2. Literature Review
2.1 Organizational Structure
In an organization, an appropriate structure is needed to define the pattern of relationships of members within an organization. It is also needed to distribute the task and define the authority and responsibility within an organization.
2.1.1. Mechanistic structure VS organic structure
In specifying an structure for an organization, there are usually two types of structure, mechanistic ones and organic ones. The formal one is characterized by rigid systems of management, clear hierarchy, task specialization, defined duties, knowledge centered at the top of the hierarchy (Nicholas, 2010). The latter one enjoys the virtues of fluid and flexible management, continual redefinition of tasks, networked control and communication structure, knowledge dispersed through the organization (Nicholas, 2010).
In Unilever, the organizational structure is characterized by task specialization and defined duties in order to achieve the economies of scale. It has different departments like R&D, marketing department to fulfill separate roles. However, Unilever has also realized the importance of being more fluid and dispersing the knowledge through the organization. It has a network control and communication structure which could enable people of different departments to talk with each other and share their insights.
2.1.2. Centralization vs decentralization within Unilever
In building the organization structure, both centralization and centralization are taken into consideration. In an organization, the centralization is important to establish control and build economies of scale whereas decentralization could help manage the human resources according to the local culture and context (Goldsmith, 1985).
In Unilever, the centralization and decentralization practice is incorporated into the organizational structure. In order to make centralized decision for the overall development of Unilever, Unilever Leadership Executive is responsible for the overall development and strategy making of Unilever with Paul Polman as the CEO (Unilever Global, 2013). In the meantime, in order to delegate powers, the decentralization practice is incorporated into the business operation of Unilever. In the subsidence, the local managers could make independent decisions on the basis of different local cultures.
2.2 Human needs and motivation
In an organization, motivation has become the driving force to push the employees working towards a common objective. Thus, fulfilling the human needs and driving the motivation have become an important part of organizational behavior, especially the multinational companies and international organizations.
2.2.1 Maslow’s hierarchy of needs (1943)
According Maslow’s hierarchy of needs (1943), the psychological needs of employees contain such elements as safety, love, esteem and finally self-actualization. This theory pays more attention to the psychological needs of the employees. However, this theory receives much criticism because the ranking of needs is supported by little evidence (Wahba & Bridwell, 1976).
2.2.2 Herzberg’s two-factor theory
In Herzberg’s two-factor theory, the hygiene or maintenance factors include salary, job security, safety working conditions as well as a good interpersonal relations (Frederick, 1959) .The motivators or growth factors include sense of achievement, recognition, advancement and personal growth. Both factors should be considered by the human resources managers in an organization when trying to spur their motivation.

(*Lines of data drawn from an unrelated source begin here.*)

(* Let $\{\mathcal G,(\Gamma_0,\Gamma_1),(\widetilde\Gamma_0,\widetilde\Gamma_1)\}$ be a triple for the adjoint pair $\{S,\widetilde S\}$ satisfying (G), (D), (M), and assume $\rho(A_0)\neq\emptyset$ (equivalently $\rho(\widetilde A_0)\neq\emptyset$). Let $\gamma,\widetilde\gamma$ be the $\gamma$-fields and $M,\widetilde M$ the Weyl functions. Then for all $\lambda\in\rho(A_0)$ and $\mu\in\rho(\widetilde A_0)$: (i) $M(\lambda)$ and $\widetilde M(\mu)$ are operators in $\mathcal G$ with dense domains $\operatorname{dom}M(\lambda)=\operatorname{ran}\Gamma_0$, $\operatorname{dom}\widetilde M(\mu)=\operatorname{ran}\widetilde\Gamma_0$, and $\operatorname{ran}M(\lambda)\subset\operatorname{ran}\Gamma_1$, $\operatorname{ran}\widetilde M(\mu)\subset\operatorname{ran}\widetilde\Gamma_1$; (ii) $M(\lambda)\subset\widetilde M(\overline\lambda)^*$ and $\widetilde M(\overline\lambda)\subset M(\lambda)^*$, and $M(\lambda)-\widetilde M(\mu)^*=(\lambda-\overline\mu)\widetilde\gamma(\mu)^*\gamma(\lambda)$, $M(\lambda)^*-\widetilde M(\mu)=(\overline\lambda-\mu)\gamma(\lambda)^*\widetilde\gamma(\mu)$; (iii) for fixed $\lambda_0,\mu_0\in\rho(A_0)\cap\rho(\widetilde A_0)$, $M(\lambda)=\widetilde M(\lambda_0)^*+\widetilde\gamma(\lambda_0)^*(\lambda-\overline{\lambda_0})(I+(\lambda-\lambda_0)(A_0-\lambda)^{-1})\gamma(\lambda_0)$ and $\widetilde M(\mu)=M(\mu_0)^*+\gamma(\mu_0)^*(\mu-\overline{\mu_0})(I+(\mu-\mu_0)(\widetilde A_0-\mu)^{-1})\widetilde\gamma(\mu_0)$, i.e. $M$ and $\widetilde M$ are the sum of a fixed closed (possibly unbounded) operator and a bounded holomorphic operator function.
   Context: Let $\mathfrak H$ be a separable Hilbert space. An adjoint pair $\{S,\widetilde S\}$ consists of densely defined closed operators $S,\widetilde S$ in $\mathfrak H$ with $(Sf,g)=(f,\widetilde Sg)$ for all $f\in\operatorname{dom}S$, $g\in\operatorname{dom}\widetilde S$. Fix operators $T\subset S^*$ and $\widetilde T\subset\widetilde S^*$ which are cores, i.e. $\overline T=S^*$ and $\overline{\widetilde T}=\widetilde S^*$. A triple $\{\mathcal G,(\Gamma_0,\Gamma_1),(\widetilde\Gamma_0,\widetilde\Gamma_1)\}$ for $\{S,\widetilde S\}$ consists of a Hilbert space $\mathcal G$ and linear maps $\Gamma_0,\Gamma_1:\operatorname{dom}T\to\mathcal G$, $\widetilde\Gamma_0,\widetilde\Gamma_1:\operatorname{dom}\widetilde T\to\mathcal G$. Put $A_0:=T\upharpoonright\ker\Gamma_0$ and $\widetilde A_0:=\widetilde T\upharpoonright\ker\widetilde\Gamma_0$. Conditions: (G) $(Tf,g)_{\mathfrak H}-(f,\widetilde Tg)_{\mathfrak H}=(\Gamma_1f,\widetilde\Gamma_0g)_{\mathcal G}-(\Gamma_0f,\widetilde\Gamma_1g)_{\mathcal G}$ for all $f\in\operatorname{dom}T$, $g\in\operatorname{dom}\widetilde T$; (D) $\operatorname{ran}\Gamma_0$ and $\operatorname{ran}\widetilde\Gamma_0$ are dense in $\mathcal G$; (M) $A_0^*=\widetilde A_0$ and $\widetilde A_0^*=A_0$. For $\lambda\in\rho(A_0)$ one has $\operatorname{dom}T=\ker\Gamma_0\dotplus\ker(T-\lambda)$, so $\Gamma_0\upharpoonright\ker(T-\lambda)$ is injective; similarly for $\widetilde T$. The $\gamma$-fields are $\gamma(\lambda):=(\Gamma_0\upharpoonright\ker(T-\lambda))^{-1}$, $\lambda\in\rho(A_0)$, and $\widetilde\gamma(\mu):=(\widetilde\Gamma_0\upharpoonright\ker(\widetilde T-\mu))^{-1}$, $\mu\in\rho(\widetilde A_0)$; the Weyl functions are $M(\lambda):=\Gamma_1\gamma(\lambda)$ and $\widetilde M(\mu):=\widetilde\Gamma_1\widetilde\gamma(\mu)$. *)

From mathcomp Require Import all_boot all_order all_algebra.
From mathcomp Require Import reals.
From mathcomp.real_closed Require Export complex.
Import Order.TTheory GRing.Theory Num.Theory.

2.2.3 De-motivators and frustration
While the motivational force inside an organization could spur the motivation, it could also be blocked. It should be realized that the emotional needs of the employees should be considered and such factors as unfair treatment, pressure, lack of opportunities and detachment could be the de-motivators (Adelman,1995)..
2.2.3. The issue of human needs and motivation in Unilever
In Unilever, the importances of human resources have been recognized and the organization is seeking to realize the needs of employees through the intrinsic as well as the extrinsic motivation. The chief human resource manager Doug Baillie is seeking to motivate the employees and benefiting the organization at the same time. Working in Unilever enables the employees an attractive salary, good quarter dividends and good chances of promotion (Unilever Global, 2013). In addition, the safety concern and working condition is taken into consideration. With a safe and sound working environment, the human resources manager is seeking to push the morale of employees. For the intrinsic motivation, the manager is seeking to fulfill psychological needs of the employees. Unilever provides its employees with a platform to challenge themselves while creating added value for the company. The company rewards the employees and appreciates the good performance of their employees openly not only via the benefit system but also via the open reward.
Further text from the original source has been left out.